- **Extracted entries**:

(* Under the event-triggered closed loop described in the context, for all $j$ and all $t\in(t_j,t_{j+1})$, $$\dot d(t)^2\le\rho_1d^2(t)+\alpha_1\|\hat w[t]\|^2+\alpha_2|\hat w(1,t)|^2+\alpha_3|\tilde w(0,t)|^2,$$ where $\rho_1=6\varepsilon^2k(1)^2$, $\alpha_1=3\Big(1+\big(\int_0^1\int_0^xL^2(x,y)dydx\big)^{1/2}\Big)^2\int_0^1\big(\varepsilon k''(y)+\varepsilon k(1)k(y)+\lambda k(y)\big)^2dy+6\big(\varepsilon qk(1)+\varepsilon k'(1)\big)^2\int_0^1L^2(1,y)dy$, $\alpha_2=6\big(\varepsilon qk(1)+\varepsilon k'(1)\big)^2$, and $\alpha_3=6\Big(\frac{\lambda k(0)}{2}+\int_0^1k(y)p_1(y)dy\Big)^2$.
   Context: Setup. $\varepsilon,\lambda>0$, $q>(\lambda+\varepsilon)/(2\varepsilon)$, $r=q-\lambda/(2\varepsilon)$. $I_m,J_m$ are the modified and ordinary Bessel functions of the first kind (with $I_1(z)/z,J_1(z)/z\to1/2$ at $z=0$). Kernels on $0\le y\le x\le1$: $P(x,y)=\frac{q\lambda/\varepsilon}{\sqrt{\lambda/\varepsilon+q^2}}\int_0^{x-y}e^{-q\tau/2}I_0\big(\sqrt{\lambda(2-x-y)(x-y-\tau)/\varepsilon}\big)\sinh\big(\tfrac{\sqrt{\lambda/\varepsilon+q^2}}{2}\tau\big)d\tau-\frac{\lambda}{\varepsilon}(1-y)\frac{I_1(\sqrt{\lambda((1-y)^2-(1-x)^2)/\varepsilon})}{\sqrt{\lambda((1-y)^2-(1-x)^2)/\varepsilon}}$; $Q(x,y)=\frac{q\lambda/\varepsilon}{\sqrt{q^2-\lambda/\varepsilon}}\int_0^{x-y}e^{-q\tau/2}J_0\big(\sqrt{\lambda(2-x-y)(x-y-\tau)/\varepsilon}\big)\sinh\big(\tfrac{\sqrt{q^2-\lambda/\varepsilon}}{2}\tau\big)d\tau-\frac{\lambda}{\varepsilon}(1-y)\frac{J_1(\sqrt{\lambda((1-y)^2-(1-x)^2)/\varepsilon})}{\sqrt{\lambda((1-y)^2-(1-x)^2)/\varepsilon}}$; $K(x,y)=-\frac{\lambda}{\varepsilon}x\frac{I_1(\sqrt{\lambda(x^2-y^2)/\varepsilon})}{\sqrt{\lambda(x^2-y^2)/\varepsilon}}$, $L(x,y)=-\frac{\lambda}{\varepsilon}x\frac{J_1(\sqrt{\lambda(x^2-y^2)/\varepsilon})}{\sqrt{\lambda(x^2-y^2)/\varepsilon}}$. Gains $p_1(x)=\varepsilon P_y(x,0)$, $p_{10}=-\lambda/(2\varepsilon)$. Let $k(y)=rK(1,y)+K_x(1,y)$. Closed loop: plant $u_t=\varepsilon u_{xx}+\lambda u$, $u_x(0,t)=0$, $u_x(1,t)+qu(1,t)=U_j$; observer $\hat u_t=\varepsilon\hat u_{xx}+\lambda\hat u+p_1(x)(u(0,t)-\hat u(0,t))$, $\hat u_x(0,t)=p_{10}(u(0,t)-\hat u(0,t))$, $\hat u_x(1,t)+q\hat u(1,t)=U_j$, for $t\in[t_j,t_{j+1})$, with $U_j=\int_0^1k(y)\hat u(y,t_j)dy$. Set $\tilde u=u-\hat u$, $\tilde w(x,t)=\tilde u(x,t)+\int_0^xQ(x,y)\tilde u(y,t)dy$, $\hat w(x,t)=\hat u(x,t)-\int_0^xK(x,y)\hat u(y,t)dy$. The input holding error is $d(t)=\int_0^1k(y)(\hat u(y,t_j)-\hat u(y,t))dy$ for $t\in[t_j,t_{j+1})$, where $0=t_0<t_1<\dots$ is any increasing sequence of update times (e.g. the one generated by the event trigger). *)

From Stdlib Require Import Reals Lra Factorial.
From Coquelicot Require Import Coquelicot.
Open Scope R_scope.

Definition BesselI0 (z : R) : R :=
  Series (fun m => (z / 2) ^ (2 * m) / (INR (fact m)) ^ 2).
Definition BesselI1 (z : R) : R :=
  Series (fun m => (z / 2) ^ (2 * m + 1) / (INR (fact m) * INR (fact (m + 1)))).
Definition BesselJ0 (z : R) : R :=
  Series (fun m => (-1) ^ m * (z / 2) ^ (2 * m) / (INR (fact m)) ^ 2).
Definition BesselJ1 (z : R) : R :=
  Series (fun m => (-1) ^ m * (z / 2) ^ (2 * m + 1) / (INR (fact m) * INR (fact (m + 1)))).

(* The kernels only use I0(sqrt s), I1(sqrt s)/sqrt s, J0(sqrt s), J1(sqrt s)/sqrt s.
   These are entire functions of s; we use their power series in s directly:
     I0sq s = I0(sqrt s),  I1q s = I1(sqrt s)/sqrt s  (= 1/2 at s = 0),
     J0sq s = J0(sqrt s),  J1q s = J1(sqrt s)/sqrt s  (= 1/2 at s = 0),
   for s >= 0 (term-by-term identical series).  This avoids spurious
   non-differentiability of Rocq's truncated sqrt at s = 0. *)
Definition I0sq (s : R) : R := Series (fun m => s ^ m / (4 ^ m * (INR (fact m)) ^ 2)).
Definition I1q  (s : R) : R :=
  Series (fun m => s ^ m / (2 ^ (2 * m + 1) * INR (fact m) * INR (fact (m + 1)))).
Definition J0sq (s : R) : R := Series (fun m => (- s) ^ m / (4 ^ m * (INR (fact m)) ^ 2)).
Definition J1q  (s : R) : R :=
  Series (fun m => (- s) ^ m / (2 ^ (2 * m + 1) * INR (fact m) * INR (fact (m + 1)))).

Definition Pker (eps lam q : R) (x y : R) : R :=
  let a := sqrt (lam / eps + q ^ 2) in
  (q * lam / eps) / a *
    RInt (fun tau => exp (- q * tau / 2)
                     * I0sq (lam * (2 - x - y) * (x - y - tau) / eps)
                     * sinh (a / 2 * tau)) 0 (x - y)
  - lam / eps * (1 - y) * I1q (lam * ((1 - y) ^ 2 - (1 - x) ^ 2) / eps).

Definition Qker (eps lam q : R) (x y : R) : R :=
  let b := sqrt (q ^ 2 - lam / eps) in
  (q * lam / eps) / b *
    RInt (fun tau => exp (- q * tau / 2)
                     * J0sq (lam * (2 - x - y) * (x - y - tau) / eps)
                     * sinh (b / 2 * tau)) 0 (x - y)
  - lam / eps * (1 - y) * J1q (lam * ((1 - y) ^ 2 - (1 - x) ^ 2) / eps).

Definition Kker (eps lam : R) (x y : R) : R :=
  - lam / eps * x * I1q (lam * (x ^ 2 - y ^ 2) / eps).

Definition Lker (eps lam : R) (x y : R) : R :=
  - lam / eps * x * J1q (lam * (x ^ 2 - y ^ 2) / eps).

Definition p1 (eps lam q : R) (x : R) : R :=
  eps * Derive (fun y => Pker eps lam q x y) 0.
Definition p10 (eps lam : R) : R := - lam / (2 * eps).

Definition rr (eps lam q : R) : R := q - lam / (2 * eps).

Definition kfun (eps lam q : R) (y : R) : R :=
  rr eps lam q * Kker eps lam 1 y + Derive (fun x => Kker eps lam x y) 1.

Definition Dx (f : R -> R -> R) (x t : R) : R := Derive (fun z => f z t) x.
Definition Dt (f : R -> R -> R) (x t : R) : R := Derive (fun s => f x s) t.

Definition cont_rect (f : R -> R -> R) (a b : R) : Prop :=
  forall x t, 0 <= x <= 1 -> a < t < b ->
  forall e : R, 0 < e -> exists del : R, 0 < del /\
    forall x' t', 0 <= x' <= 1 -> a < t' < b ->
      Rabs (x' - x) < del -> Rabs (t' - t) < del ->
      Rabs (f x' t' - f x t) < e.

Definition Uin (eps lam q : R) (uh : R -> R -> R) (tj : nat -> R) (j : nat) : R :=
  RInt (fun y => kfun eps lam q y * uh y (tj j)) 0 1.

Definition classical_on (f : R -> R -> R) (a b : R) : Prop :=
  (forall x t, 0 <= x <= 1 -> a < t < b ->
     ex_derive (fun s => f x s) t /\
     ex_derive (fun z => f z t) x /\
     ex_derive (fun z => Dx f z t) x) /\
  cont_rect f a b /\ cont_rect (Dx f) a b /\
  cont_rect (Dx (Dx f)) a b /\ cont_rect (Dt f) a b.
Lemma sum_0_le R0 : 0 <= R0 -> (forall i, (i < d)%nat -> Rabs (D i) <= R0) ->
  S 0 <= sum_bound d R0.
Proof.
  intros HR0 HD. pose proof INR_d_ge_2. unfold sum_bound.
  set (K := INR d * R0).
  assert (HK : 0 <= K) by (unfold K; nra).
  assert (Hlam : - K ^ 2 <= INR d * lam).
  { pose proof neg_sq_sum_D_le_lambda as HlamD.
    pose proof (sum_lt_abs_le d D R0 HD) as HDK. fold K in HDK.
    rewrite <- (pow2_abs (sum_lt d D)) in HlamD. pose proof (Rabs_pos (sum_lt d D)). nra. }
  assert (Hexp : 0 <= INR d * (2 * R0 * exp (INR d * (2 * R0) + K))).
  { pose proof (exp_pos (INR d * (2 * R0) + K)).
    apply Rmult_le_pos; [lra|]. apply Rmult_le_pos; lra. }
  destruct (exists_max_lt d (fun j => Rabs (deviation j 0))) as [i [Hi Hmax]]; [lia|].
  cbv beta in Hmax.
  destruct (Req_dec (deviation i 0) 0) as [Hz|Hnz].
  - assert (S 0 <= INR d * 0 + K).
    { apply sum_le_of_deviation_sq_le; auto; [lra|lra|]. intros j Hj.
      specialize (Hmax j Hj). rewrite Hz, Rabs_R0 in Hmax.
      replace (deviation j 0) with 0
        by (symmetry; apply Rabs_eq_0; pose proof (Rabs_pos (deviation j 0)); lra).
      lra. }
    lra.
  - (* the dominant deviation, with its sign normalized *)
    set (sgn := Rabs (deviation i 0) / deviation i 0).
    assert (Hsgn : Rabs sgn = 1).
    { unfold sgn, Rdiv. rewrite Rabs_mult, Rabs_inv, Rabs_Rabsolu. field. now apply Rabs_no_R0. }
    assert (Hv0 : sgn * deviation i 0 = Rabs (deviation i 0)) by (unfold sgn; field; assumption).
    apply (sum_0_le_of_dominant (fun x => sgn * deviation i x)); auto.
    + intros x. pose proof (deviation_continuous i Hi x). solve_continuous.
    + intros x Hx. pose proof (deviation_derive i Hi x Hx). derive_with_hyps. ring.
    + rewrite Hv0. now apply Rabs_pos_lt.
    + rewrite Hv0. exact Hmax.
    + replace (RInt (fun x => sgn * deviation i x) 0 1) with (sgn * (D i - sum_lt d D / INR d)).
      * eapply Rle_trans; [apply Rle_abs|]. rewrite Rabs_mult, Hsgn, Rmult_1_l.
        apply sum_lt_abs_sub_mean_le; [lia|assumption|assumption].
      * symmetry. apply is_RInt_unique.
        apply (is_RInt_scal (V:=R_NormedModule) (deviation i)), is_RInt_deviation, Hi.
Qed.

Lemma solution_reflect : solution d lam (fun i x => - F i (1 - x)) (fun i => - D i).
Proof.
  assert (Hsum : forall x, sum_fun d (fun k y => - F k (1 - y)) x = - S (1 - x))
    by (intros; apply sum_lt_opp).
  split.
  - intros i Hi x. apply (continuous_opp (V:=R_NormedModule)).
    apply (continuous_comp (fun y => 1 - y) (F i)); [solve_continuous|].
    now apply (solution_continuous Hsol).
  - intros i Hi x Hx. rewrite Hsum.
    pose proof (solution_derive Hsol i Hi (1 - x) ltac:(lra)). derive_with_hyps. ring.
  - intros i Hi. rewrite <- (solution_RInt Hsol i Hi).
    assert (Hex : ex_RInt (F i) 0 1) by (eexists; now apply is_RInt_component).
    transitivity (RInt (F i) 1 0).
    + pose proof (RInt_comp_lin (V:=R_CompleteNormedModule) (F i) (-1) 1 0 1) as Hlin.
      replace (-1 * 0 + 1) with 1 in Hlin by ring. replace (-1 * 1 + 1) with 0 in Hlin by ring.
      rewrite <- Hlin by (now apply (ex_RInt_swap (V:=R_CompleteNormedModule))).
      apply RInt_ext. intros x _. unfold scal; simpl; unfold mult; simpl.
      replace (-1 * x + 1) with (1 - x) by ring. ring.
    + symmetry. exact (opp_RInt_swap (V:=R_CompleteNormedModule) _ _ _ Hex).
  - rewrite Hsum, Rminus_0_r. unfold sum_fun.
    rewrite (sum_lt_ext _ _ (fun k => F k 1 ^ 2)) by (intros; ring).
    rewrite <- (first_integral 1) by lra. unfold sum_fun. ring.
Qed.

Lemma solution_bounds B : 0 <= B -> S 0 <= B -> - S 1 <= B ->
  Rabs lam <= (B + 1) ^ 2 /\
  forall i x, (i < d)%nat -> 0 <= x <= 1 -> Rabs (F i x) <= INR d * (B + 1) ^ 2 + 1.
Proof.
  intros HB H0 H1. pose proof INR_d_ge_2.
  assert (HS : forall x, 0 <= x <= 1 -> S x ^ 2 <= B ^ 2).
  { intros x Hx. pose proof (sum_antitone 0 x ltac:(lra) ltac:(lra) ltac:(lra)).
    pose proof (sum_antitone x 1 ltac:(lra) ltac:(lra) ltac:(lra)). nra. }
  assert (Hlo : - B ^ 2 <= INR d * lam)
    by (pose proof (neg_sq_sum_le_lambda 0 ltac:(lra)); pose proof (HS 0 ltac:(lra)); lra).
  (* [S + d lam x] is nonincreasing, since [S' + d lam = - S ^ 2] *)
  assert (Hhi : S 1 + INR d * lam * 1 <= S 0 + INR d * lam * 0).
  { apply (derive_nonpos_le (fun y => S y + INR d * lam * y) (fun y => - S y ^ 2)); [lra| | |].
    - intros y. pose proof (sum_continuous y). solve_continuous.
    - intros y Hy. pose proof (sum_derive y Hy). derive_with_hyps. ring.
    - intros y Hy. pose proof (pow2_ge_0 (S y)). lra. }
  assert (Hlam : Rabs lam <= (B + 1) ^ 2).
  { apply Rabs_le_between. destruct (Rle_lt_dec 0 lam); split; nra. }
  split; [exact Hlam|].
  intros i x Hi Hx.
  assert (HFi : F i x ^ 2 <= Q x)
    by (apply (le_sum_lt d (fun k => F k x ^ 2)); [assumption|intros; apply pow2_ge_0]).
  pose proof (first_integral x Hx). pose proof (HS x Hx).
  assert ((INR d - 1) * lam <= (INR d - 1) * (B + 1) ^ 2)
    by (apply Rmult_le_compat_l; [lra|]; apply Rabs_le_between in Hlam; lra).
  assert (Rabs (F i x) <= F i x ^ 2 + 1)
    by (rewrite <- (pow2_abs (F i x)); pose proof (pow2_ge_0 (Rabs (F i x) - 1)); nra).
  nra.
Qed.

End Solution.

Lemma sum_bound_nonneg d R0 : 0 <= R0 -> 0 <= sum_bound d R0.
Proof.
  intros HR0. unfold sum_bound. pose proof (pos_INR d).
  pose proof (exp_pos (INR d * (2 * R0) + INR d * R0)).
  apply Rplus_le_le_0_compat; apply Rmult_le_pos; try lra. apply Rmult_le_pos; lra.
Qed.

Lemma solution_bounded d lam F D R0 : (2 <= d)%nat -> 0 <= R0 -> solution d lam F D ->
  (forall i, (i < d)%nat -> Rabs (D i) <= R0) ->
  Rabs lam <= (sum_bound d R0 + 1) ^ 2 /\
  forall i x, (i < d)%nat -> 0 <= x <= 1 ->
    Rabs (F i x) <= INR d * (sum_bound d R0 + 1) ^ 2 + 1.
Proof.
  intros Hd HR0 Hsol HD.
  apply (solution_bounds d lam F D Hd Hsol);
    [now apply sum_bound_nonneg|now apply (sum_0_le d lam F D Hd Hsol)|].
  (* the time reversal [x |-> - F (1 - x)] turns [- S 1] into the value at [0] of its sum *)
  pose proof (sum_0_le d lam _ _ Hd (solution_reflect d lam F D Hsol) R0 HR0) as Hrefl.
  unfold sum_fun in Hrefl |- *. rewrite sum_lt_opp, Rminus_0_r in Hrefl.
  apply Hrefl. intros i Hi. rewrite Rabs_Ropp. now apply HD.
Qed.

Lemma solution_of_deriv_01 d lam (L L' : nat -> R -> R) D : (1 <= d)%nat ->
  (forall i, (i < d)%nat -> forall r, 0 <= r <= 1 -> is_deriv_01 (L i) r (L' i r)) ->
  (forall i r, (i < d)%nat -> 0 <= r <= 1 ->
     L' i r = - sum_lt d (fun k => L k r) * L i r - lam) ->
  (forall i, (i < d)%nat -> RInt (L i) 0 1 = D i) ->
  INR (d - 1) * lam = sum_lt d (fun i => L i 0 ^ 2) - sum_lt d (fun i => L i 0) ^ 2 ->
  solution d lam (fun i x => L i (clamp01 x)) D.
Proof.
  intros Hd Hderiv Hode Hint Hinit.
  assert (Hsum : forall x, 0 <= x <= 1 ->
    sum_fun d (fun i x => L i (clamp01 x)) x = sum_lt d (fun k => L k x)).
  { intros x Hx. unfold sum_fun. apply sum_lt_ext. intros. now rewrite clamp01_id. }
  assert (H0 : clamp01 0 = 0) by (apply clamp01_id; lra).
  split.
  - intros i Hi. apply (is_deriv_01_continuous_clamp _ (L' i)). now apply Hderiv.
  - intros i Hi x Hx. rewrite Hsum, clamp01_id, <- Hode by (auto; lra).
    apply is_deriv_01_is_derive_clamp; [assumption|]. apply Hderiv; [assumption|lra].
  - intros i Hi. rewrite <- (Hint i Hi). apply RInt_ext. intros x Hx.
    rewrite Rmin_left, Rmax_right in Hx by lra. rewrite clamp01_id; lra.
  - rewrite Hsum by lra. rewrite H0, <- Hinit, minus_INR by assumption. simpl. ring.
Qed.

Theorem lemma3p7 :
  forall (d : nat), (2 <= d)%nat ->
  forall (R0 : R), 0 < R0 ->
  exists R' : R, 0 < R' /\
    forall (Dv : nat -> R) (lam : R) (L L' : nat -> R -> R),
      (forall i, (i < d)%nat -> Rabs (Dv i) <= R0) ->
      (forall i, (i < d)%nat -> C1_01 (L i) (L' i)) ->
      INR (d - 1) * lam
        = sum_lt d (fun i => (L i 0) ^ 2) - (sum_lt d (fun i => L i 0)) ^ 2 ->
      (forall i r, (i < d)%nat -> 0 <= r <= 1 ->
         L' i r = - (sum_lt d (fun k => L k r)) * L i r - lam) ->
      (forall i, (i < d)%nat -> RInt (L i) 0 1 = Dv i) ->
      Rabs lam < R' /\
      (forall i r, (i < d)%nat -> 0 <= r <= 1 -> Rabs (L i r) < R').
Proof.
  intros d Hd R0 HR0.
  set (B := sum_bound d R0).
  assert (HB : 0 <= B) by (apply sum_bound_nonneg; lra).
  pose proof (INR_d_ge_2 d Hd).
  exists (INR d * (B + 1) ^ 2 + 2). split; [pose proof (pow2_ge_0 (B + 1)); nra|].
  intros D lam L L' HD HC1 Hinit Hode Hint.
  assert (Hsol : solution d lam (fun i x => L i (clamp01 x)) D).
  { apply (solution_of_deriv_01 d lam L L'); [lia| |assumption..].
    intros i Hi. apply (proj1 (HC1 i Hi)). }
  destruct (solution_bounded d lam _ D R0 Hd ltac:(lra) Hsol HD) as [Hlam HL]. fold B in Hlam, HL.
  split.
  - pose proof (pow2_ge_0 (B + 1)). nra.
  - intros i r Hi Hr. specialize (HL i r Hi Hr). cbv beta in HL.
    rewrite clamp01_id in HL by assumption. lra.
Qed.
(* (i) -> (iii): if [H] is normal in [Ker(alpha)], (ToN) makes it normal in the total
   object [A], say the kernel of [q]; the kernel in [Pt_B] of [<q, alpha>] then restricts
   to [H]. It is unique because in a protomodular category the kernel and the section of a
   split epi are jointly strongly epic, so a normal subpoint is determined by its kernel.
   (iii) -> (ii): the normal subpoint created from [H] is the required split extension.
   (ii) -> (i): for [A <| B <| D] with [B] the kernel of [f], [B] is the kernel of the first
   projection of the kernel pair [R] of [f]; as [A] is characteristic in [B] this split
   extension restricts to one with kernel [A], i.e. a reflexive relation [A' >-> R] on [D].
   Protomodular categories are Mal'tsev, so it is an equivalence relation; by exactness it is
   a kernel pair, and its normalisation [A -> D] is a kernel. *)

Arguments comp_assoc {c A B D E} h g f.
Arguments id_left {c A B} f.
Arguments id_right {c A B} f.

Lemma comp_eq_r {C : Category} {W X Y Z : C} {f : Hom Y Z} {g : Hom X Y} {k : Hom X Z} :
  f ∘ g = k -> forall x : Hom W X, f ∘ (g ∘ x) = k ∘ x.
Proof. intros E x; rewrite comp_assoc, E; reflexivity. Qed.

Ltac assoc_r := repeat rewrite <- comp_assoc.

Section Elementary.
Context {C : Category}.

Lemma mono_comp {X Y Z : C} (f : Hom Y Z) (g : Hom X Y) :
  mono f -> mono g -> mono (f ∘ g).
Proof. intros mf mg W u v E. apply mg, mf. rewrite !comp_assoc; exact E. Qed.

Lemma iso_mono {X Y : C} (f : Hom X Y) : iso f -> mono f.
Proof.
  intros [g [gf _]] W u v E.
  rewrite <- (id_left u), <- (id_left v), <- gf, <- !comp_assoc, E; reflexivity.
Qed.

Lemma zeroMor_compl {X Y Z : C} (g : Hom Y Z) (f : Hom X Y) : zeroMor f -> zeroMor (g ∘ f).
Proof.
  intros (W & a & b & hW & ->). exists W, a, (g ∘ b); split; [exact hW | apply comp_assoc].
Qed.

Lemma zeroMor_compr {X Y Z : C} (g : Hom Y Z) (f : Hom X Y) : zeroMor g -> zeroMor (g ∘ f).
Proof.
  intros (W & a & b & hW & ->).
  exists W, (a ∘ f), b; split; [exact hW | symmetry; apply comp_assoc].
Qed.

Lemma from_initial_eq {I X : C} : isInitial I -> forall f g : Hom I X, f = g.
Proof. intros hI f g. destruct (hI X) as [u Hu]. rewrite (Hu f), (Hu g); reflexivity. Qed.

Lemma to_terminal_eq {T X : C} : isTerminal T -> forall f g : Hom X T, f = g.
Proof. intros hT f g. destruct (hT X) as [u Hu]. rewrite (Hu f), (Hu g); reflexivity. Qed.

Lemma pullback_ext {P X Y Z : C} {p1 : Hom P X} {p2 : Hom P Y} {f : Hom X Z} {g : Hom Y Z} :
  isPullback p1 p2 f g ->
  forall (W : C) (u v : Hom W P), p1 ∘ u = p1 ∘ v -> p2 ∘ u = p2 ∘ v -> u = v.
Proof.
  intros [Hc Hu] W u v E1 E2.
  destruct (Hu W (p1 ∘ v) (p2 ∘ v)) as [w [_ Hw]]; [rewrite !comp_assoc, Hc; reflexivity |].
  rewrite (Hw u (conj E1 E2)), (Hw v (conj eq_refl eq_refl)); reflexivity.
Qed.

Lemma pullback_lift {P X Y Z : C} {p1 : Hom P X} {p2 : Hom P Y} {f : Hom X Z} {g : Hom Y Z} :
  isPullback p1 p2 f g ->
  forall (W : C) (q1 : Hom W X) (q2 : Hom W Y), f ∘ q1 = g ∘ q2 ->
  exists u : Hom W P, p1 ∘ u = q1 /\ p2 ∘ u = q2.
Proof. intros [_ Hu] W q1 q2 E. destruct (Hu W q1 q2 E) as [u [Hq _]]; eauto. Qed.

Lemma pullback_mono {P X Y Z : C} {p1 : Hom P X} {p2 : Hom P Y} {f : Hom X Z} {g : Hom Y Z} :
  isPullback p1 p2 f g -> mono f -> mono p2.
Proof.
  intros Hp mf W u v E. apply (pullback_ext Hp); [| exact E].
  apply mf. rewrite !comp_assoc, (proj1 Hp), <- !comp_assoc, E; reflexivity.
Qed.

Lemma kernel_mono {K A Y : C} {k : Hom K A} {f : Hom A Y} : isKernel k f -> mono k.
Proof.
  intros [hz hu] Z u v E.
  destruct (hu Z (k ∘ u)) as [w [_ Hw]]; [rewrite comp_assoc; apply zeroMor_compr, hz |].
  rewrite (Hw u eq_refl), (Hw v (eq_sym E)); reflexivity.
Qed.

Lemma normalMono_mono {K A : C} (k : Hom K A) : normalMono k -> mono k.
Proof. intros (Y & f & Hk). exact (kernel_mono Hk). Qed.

- **What you should do**: Whenever a line includes the word "Pker", pull it out of the entries.

- **Task result**:
Definition Pker (eps lam q : R) (x y : R) : R :=
  eps * Derive (fun y => Pker eps lam q x y) 0.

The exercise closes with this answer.